Quinze ans après un retentissant scandale de corruption impliquant 197 millions d’euros de pots-de-vin, l’italien Saipem décroche un nouveau contrat auprès de Sonatrach pour le projet Phosphate Intégré. Un come-back qui questionne : dans l’industrie pétrolière, l’expertise technique pèse-t-elle plus lourd que les casseroles judiciaires ?
L’entreprise italienne Saipem vient de décrocher un nouveau contrat auprès de Sonatrach, cette fois pour le projet Phosphate Intégré destiné à la production d’engrais. Selon le média spécialisé espagnol Marketscreener, “l’adjudication du contrat s’est faite à travers un processus compétitif de FEED dual, qui prévoit que l’activité de conception soit exécutée à la fois par Saipem et par un second opérateur concurrent”. Cette attribution relance les relations commerciales entre les deux groupes, quinze ans après le déclenchement d’un retentissant scandale de corruption qui avait secoué les deux rives de la Méditerranée.
Le processus retenu par Sonatrach pour ce projet stratégique présente une particularité. Comme le précise la note officielle, “Sonatrach sélectionnera la meilleure solution technico-économique entre les deux propositions et procédera à l’attribution directe du contrat EPC (Engineering, Procurement and Construction) pour l’exécution de l’ouvrage projeté”. Cette approche en deux temps permet à la compagnie nationale de minimiser les risques tout en maintenant une concurrence entre les soumissionnaires jusqu’à la phase finale.
L’enjeu économique du projet ne laisse pas indifférent. Il s’agit du premier projet intégré dans le domaine de l’extraction minière et de la production d’engrais en Algérie, avec une capacité prévue de 10 millions de tonnes de phosphates extraits et 6 millions de tonnes d’engrais produits annuellement. Un volume qui pourrait effectivement “contribuer à diversifier l’économie algérienne et à renforcer la position du pays sur le marché mondial des engrais”, comme l’indique la note officielle.

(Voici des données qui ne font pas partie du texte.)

(* Let $G=(V,E)$ be a simple graph with $n\ge 2$ vertices and $|E|=2n-3$. Let $e\in E$, and let $G^*$ be the multigraph obtained from $G$ by adding a parallel copy $e_{add}$ of $e$. Suppose the edge set of $G^*$ is partitioned into two edge-disjoint spanning trees $T^r$ (red) and $T^b$ (black) with $e_{add}\in T^b$. Run the decomposition procedure on $(G^*,T^r,T^b)$. Then $G$ is a Laman graph if and only if every edge of $G^*$ is deleted by the time the procedure terminates.
   Context: A graph $G$ with $n$ vertices and $m$ edges is a Laman graph if $m=2n-3$ and, for every $k\ge 2$, every set of $k$ vertices induces at most $2k-3$ edges. Each edge of $G^*$ carries the color of the tree containing it. Decomposition procedure. Step 1 deletes $e_{add}$. For $i=2,3,\dots$, let $c_i$ be red if $i$ is even and black if $i$ is odd, and let $\bar c_i$ be the other color. Let $F$ be the set of not-yet-deleted edges of color $\bar c_i$. Step $i$ deletes, simultaneously, every not-yet-deleted edge of color $c_i$ whose two endpoints lie in different connected components of the graph $(V,F)$. The procedure terminates at the first step $i\ge 2$ in which no edge is deleted. *)

From mathcomp Require Import all_boot.
Set Implicit Arguments. Unset Strict Implicit. Unset Printing Implicit Defensive.

Definition simple_graph (V : finType) (E : {set {set V}}) : Prop :=
  forall f, f \in E -> #|f| = 2.

Definition laman (V : finType) (E : {set {set V}}) : Prop :=
  #|E| = 2 * #|V| - 3 /\
  forall X : {set V}, 2 <= #|X| -> #|[set f in E | f \subset X]| <= 2 * #|X| - 3.

(* The multigraph G* : its edges are indexed by option {set V};
   [Some f] (for f in E) is the original edge f, [None] is the added
   parallel copy e_add of e. *)
Definition ends (V : finType) (e : {set V}) (o : option {set V}) : {set V} :=
  if o is Some f then f else e.

Definition edgesStar (V : finType) (E : {set {set V}}) : {set option {set V}} :=
  [set o | if o is Some f then f \in E else true].

Definition adj (V : finType) (e : {set V}) (F : {set option {set V}}) : rel V :=
  fun x y => [exists o in F, [&& x != y, x \in ends e o & y \in ends e o]].

Definition same_comp (V : finType) (e : {set V}) (F : {set option {set V}})
  (o : option {set V}) : bool :=
  [forall x in ends e o, forall y in ends e o, connect (adj e F) x y].

Definition spanning_tree (V : finType) (e : {set V}) (F : {set option {set V}}) : Prop :=
  (forall x y : V, connect (adj e F) x y) /\
  (forall o, o \in F -> ~~ same_comp e (F :\ o) o).

(* colouring: col o = true means red, false means black *)
Definition color_step (i : nat) : bool := ~~ odd i. (* c_i: red iff i even *)

(* edges deleted at step i >= 2 given the set D of already deleted edges *)
Definition newdel (V : finType) (E : {set {set V}}) (e : {set V})
  (col : option {set V} -> bool) (i : nat) (D : {set option {set V}}) :
  {set option {set V}} :=
  let F := [set o in edgesStar E | (o \notin D) && (col o == ~~ color_step i)] in
  [set o in edgesStar E | [&& o \notin D, col o == color_step i &
                              ~~ same_comp e F o]].

Fixpoint deleted (V : finType) (E : {set {set V}}) (e : {set V})
  (col : option {set V} -> bool) (i : nat) : {set option {set V}} :=
  match i with
  | 0 => set0
  | 1 => [set None]
  | (j.+1) as k => deleted E e col j :|: newdel E e col k (deleted E e col j)
  end.

Definition terminates_at (V : finType) (E : {set {set V}}) (e : {set V})
  (col : option {set V} -> bool) (i : nat) : Prop :=
  2 <= i /\ newdel E e col i (deleted E e col i.-1) = set0 /\
  (forall j, 2 <= j < i -> newdel E e col j (deleted E e col j.-1) != set0).

From mathcomp Require Import all_boot zify.
Set Implicit Arguments. Unset Strict Implicit. Unset Printing Implicit Defensive.

(* The engine is the rank formula for multigraphs ([rank_count]): if X is a
   union of connected components of F, then |X| <= |edges of F inside X| +
   (number of components met by X), with equality when F is a forest.  It is
   proved by deleting edges one at a time, using that deleting a bridge splits
   one component into two ([ncomp_bridge]).

   (=>) Laman: the procedure stops ([procedure_terminates]), not at step 2
   ([step2_deletes]).  At the stall every surviving edge has its endpoints
   joined by surviving edges of the other colour ([stalled_same_comp]), so both
   colours induce the same components; the component X of a surviving edge then
   contains >= 2|X| - 2 surviving edges of G, against sparsity
   ([stalled_all_deleted]).
   (<=) If some X spans > 2|X| - 3 edges of G, the rank formula for the two
   trees forces both colours to span X connectedly and e_add to leave X; then
   no edge inside X is ever deleted ([block_never_deleted]), so the procedure
   cannot delete everything ([sparse_of_all_deleted]). *)

Section Connectivity.
Variables (V : finType) (e : {set V}).
Implicit Types (F : {set option {set V}}) (X : {set V}).

Lemma adjP F x y :
  reflect (exists2 o, o \in F & [&& x != y, x \in ends e o & y \in ends e o])
          (adj e F x y).
Proof.
by apply: (iffP existsP) => -[o]; [case/andP=> oF H | move=> oF H]; exists o;
  rewrite ?oF.
Qed.

Lemma adj_sym F : symmetric (adj e F).
Proof.
move=> x y; apply/adjP/adjP => -[o oF /and3P[nxy xo yo]];
  by exists o; rewrite // eq_sym nxy xo yo.
Qed.

Lemma adj_connect_sym F : connect_sym (adj e F).
Proof. exact: sym_connect_sym (adj_sym F). Qed.

Lemma adj_mono F1 F2 : F1 \subset F2 -> subrel (adj e F1) (adj e F2).
Proof.
by move=> s x y /adjP[o oF H]; apply/adjP; exists o; rewrite ?(subsetP s).
Qed.

Lemma connect_mono F1 F2 :
  F1 \subset F2 -> subrel (connect (adj e F1)) (connect (adj e F2)).
Proof. by move=> s; apply: connect_sub => x y /(adj_mono s)/connect1. Qed.

Lemma connect_same_comp F1 F2 :
  {in F1, forall o, same_comp e F2 o} ->
  subrel (connect (adj e F1)) (connect (adj e F2)).
Proof.
move=> sc; apply: connect_sub => x y /adjP[o oF /and3P[_ xo yo]].
by move/forall_inP: (sc o oF) => /(_ x xo)/forall_inP/(_ y yo).
Qed.

Lemma same_comp_mono F1 F2 o :
  F1 \subset F2 -> same_comp e F1 o -> same_comp e F2 o.
Proof.
move=> s /forall_inP sc; apply/forall_inP => x xo; apply/forall_inP => y yo.
exact: (connect_mono s) (forall_inP (sc x xo) y yo).
Qed.

Lemma set2_of_card2 (A : {set V}) x z :
  #|A| = 2 -> x \in A -> z \in A -> x != z -> A = [set x; z].
Proof.
move=> cA xA zA nxz; apply/esym/eqP; rewrite eqEcard cA cards2 nxz andbT.
by apply/subsetP => y /set2P[]->.
Qed.

Lemma same_comp2 F o a b :
  ends e o = [set a; b] -> same_comp e F o = connect (adj e F) a b.
Proof.
move=> eo; apply/idP/idP => [/forall_inP/(_ a)|ab].
  by rewrite eo set21 => /(_ isT)/forall_inP/(_ b); rewrite set22; apply.
apply/forall_inP => x; rewrite eo => /set2P[]->; apply/forall_inP => y;
  by move=> /set2P[]->; rewrite ?connect0 // adj_connect_sym.
Qed.

Definition acyclic F := forall o, o \in F -> ~~ same_comp e (F :\ o) o.

Lemma acyclic_sub F1 F2 : F1 \subset F2 -> acyclic F2 -> acyclic F1.
Proof.
move=> s ac o oF1; apply: contra (ac o (subsetP s o oF1)).
by apply: same_comp_mono; apply: setSD.
Qed.

Definition comp F x := [set y | connect (adj e F) x y].
Definition ncomp F X := #|comp F @: X|.

Lemma comp_eq F x y : (comp F x == comp F y) = connect (adj e F) x y.
Proof.
apply/eqP/idP => [cxy | xy].
  have : y \in comp F y by rewrite inE connect0.
  by rewrite -cxy inE.
by apply/setP => z; rewrite !inE (same_connect (adj_connect_sym F) xy).
Qed.

Lemma ncomp_pos F X x : x \in X -> 0 < ncomp F X.
Proof.
by move=> xX; rewrite card_gt0; apply/set0Pn; exists (comp F x); apply: imset_f.
Qed.

Lemma ncomp1_connect F X x y :
  ncomp F X = 1 -> x \in X -> y \in X -> connect (adj e F) x y.
Proof.
move/eqP/cards1P => [C comps] xX yX; rewrite -comp_eq.
move: (imset_f (comp F) xX) (imset_f (comp F) yX).
by rewrite comps !inE => /eqP-> /eqP->.
Qed.

Lemma ncomp_le1 F X a :
  {in X, forall y, connect (adj e F) a y} -> ncomp F X <= 1.
Proof.
move=> conn; rewrite -(cards1 (comp F a)); apply: subset_leq_card.
by apply/subsetP => C /imsetP[y yX ->]; rewrite inE eq_sym comp_eq conn.
Qed.

Lemma connect_delete_cycle_edge F o a b :
  ends e o = [set a; b] -> connect (adj e (F :\ o)) a b ->
  connect (adj e F) =2 connect (adj e (F :\ o)).
Proof.
move=> eo ab x y; apply/idP/idP; last exact/connect_mono/subsetDl.
apply: connect_sub => u v /adjP[o' o'F /and3P[nuv uo' vo']].
case: (eqVneq o' o) => [eqo | neo]; last first.
  by apply/connect1/adjP; exists o'; rewrite ?nuv ?uo' ?vo' // !inE neo.
move: uo' vo'; rewrite eqo eo => /set2P[]-> /set2P[]->; rewrite ?connect0 //.
by rewrite adj_connect_sym.
Qed.

Lemma connect_rt_sub (R r : rel V) :
  reflexive R -> transitive R -> subrel r R -> subrel (connect r) R.
Proof.
move=> Rr Rt rR x y /connectP[p + ->]; elim: p x => //= z p IH x /andP[xz pz].
exact: Rt (rR _ _ xz) (IH _ pz).
Qed.

(* Deleting a bridge o = {a, b} of F: the F-component of a is the union U of
   the (F :\ o)-components of a and b, all other components are unchanged, so
   the number of components met by a set containing a and b grows by one. *)
Section BridgeDeletion.
Variables (F : {set option {set V}}) (o : option {set V}) (a b : V).
Hypotheses (oF : o \in F) (eo : ends e o = [set a; b]) (nab : a != b).
Let F' := F :\ o.
Let U := comp F' a :|: comp F' b.

Lemma bridge_U_closed x y : connect (adj e F') x y -> (x \in U) = (y \in U).
Proof. by move=> xy; rewrite !inE !(same_connect_r (adj_connect_sym F') xy). Qed.

Lemma connect_bridge x y :
  connect (adj e F) x y = connect (adj e F') x y || (x \in U) && (y \in U).
Proof.
have F'F : F' \subset F by apply: subsetDl.
have ab : connect (adj e F) a b.
  by apply/connect1/adjP; exists o; rewrite // nab eo set21 set22.
have aU z : z \in U -> connect (adj e F) a z.
  case/setUP; rewrite inE => /(connect_mono F'F) //.
  exact: connect_trans ab.
apply/idP/idP => [|/orP[/(connect_mono F'F) // | /andP[xU yU]]]; last first.
  by apply: connect_trans (aU _ yU); rewrite adj_connect_sym aU.
move: x y; apply: connect_rt_sub => [x | y x z | x y].
- by rewrite connect0.
- case/orP=> [xy | /andP[xU yU]] /orP[yz | /andP[yU' zU]].
  + by rewrite (connect_trans xy yz).
  + by rewrite (bridge_U_closed xy) yU' zU orbT.
  + by rewrite xU -(bridge_U_closed yz) yU orbT.
  + by rewrite xU zU orbT.
case/adjP=> o' o'F /and3P[nxy xo' yo']; case: (eqVneq o' o) => [eqo | neo].
  move: xo' yo'; rewrite eqo eo => /set2P[]-> /set2P[]->;
  by rewrite !inE !connect0 ?orbT.
by apply/orP; left; apply/connect1/adjP; exists o'; rewrite ?nxy ?xo' // !inE neo.
Qed.

Lemma comp_bridge x : comp F x = if x \in U then U else comp F' x.
Proof.
apply/setP => z; rewrite [in LHS]inE connect_bridge.
case: ifP => xU; last by rewrite andFb orbF inE.
case zU: (z \in U); first by rewrite orbT.
by rewrite orbF; apply: contraFF zU => xz; rewrite -(bridge_U_closed xz).
Qed.

Lemma ncomp_bridge X :
  a \in X -> b \in X -> ~~ connect (adj e F') a b -> ncomp F' X = (ncomp F X).+1.
Proof.
move=> aX bX nab'.
have aU : a \in U by rewrite !inE connect0.
have bU : b \in U by rewrite !inE connect0 orbT.
have [aC bC] : a \in comp F' a /\ b \in comp F' b by rewrite !inE !connect0.
set W := X :\: U.
have outW C : C \in comp F' @: W -> {in C, forall z, z \notin U}.
  case/imsetP=> w /setDP[_ wU] -> z; rewrite inE => wz.
  by rewrite -(bridge_U_closed wz).
have imW : comp F @: W = comp F' @: W.
  by apply: eq_in_imset => x /setDP[_ /negbTE xU]; rewrite comp_bridge xU.
have imU : comp F @: (X :&: U) = [set U].
  apply/setP => C; rewrite inE; apply/imsetP/eqP => [[x /setIP[_ xU] ->] | ->].
    by rewrite comp_bridge xU.
  by exists a; [rewrite inE aX aU | rewrite comp_bridge aU].
have imU' : comp F' @: (X :&: U) = [set comp F' a; comp F' b].
  apply/setP => C; rewrite !inE; apply/imsetP/orP => [[x /setIP[_]] | [] /eqP->].
  - by case/setUP; rewrite inE -comp_eq => /eqP-> ->; [left | right].
  - by exists a; rewrite // inE aX aU.
  - by exists b; rewrite // inE bX bU.
rewrite /ncomp -(setID X U) !imsetU imU imU' imW -setUA !cardsU1.
have -> : U \notin comp F' @: W by apply/negP => /outW/(_ a aU); rewrite aU.
have -> : comp F' b \notin comp F' @: W by apply/negP => /outW/(_ b bC); rewrite bU.
suff -> : comp F' a \notin comp F' b |: comp F' @: W by [].
rewrite !inE comp_eq (negbTE nab') /=.
by apply/negP => /outW/(_ a aC); rewrite aU.
Qed.
End BridgeDeletion.

Definition inX F X := [set o in F | ends e o \subset X].

Lemma inX_sub F X : inX F X \subset F.
Proof. by apply/subsetP => o; rewrite inE => /andP[]. Qed.

Lemma inX_idem F X : inX (inX F X) X = inX F X.
Proof. by apply/setP => o; rewrite !inE -andbA andbb. Qed.

Lemma inX_closed F X : closed (adj e (inX F X)) X.
Proof.
move=> x y /adjP[o]; rewrite inE => /andP[_ oX] /and3P[_ xo yo].
by rewrite (subsetP oX _ xo) (subsetP oX _ yo).
Qed.

Lemma ncomp_no_edge F X :
  inX F X = set0 -> {in F, forall o, #|ends e o| = 2} -> closed (adj e F) X ->
  ncomp F X = #|X|.
Proof.
move=> noE ends2 clX; apply: card_in_imset => x y xX yX /eqP.
rewrite comp_eq => /connectP[[_ -> // | z p /= /andP[xz _] _]].
case/adjP: xz => o oF /and3P[nxz xo zo].
have zX : z \in X by rewrite -(clX x z) //; apply/adjP; exists o; rewrite ?nxz ?xo.
have : o \in inX F X.
  rewrite inE oF (set2_of_card2 (ends2 o oF) xo zo nxz).
  by apply/subsetP => w /set2P[]->.
by rewrite noE inE.
Qed.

Des antécédents qui questionnent
Pourtant, le retour en grâce de Saipem auprès de Sonatrach interroge au regard du passé tumultueux entre les deux entités. Entre 2007 et 2010, l’entreprise italienne aurait versé quelque 197 millions d’euros de commissions occultes à des responsables algériens pour s’assurer l’attribution de contrats d’une valeur totale de 8 milliards d’euros. Un système de corruption qui impliquait des figures connues : Chakib Khelil, alors ministre de l’Énergie, et l’homme d’affaires Farid Bedjaoui, présenté comme le “facilitateur” de ces arrangements.
Le dossier judiciaire avait connu plusieurs rebondissements. En septembre 2018, la justice italienne condamnait Saipem à 400 000 euros d’amende avec 197 millions d’euros placés sous séquestre, tandis que Pietro Varone et Pietro Tali, respectivement directeur des opérations et ancien administrateur délégué, écopaient de 4 ans et 9 mois de prison ferme chacun. Mais en janvier 2020, la Cour d’appel de Milan acquittait finalement Saipem et l’ensemble des accusés, une décision contre laquelle le parquet a interjeté appel.
Au-delà de l’Algérie, Saipem a collectionné les affaires délicates sur plusieurs continents. Au Nigeria, l’entreprise s’est retrouvée mêlée au scandale Malabu OPL 245 impliquant plus d’un milliard de dollars. Au Brésil, les autorités ont ouvert en 2019 une procédure administrative concernant un contrat Petrobras de 63,4 millions de dollars. Le Kazakhstan, le Koweït et l’Irak ont également donné lieu à des enquêtes pour corruption présumée.
Une réhabilitation progressive
Ces multiples zones d’ombre n’ont visiblement pas dissuadé Sonatrach de renouer avec son ancien partenaire. Il faut dire que l’industrie pétrolière et gazière forme un cercle restreint d’acteurs capables de mener à bien des projets d’envergure. L’expertise technique de Saipem, ses capacités financières et son expérience du terrain algérien pèsent probablement plus lourd que les épisodes judiciaires passés, d’autant que l’entreprise a bénéficié d’acquittements en appel.
Le choix du mécanisme de FEED dual révèle néanmoins une prudence certaine de la part de Sonatrach. En imposant une double conception concurrentielle, la compagnie nationale se donne les moyens de comparer les approches techniques et économiques tout en créant une émulation entre les soumissionnaires. Une manière discrète de maintenir la pression sur un partenaire dont la réputation reste écornée.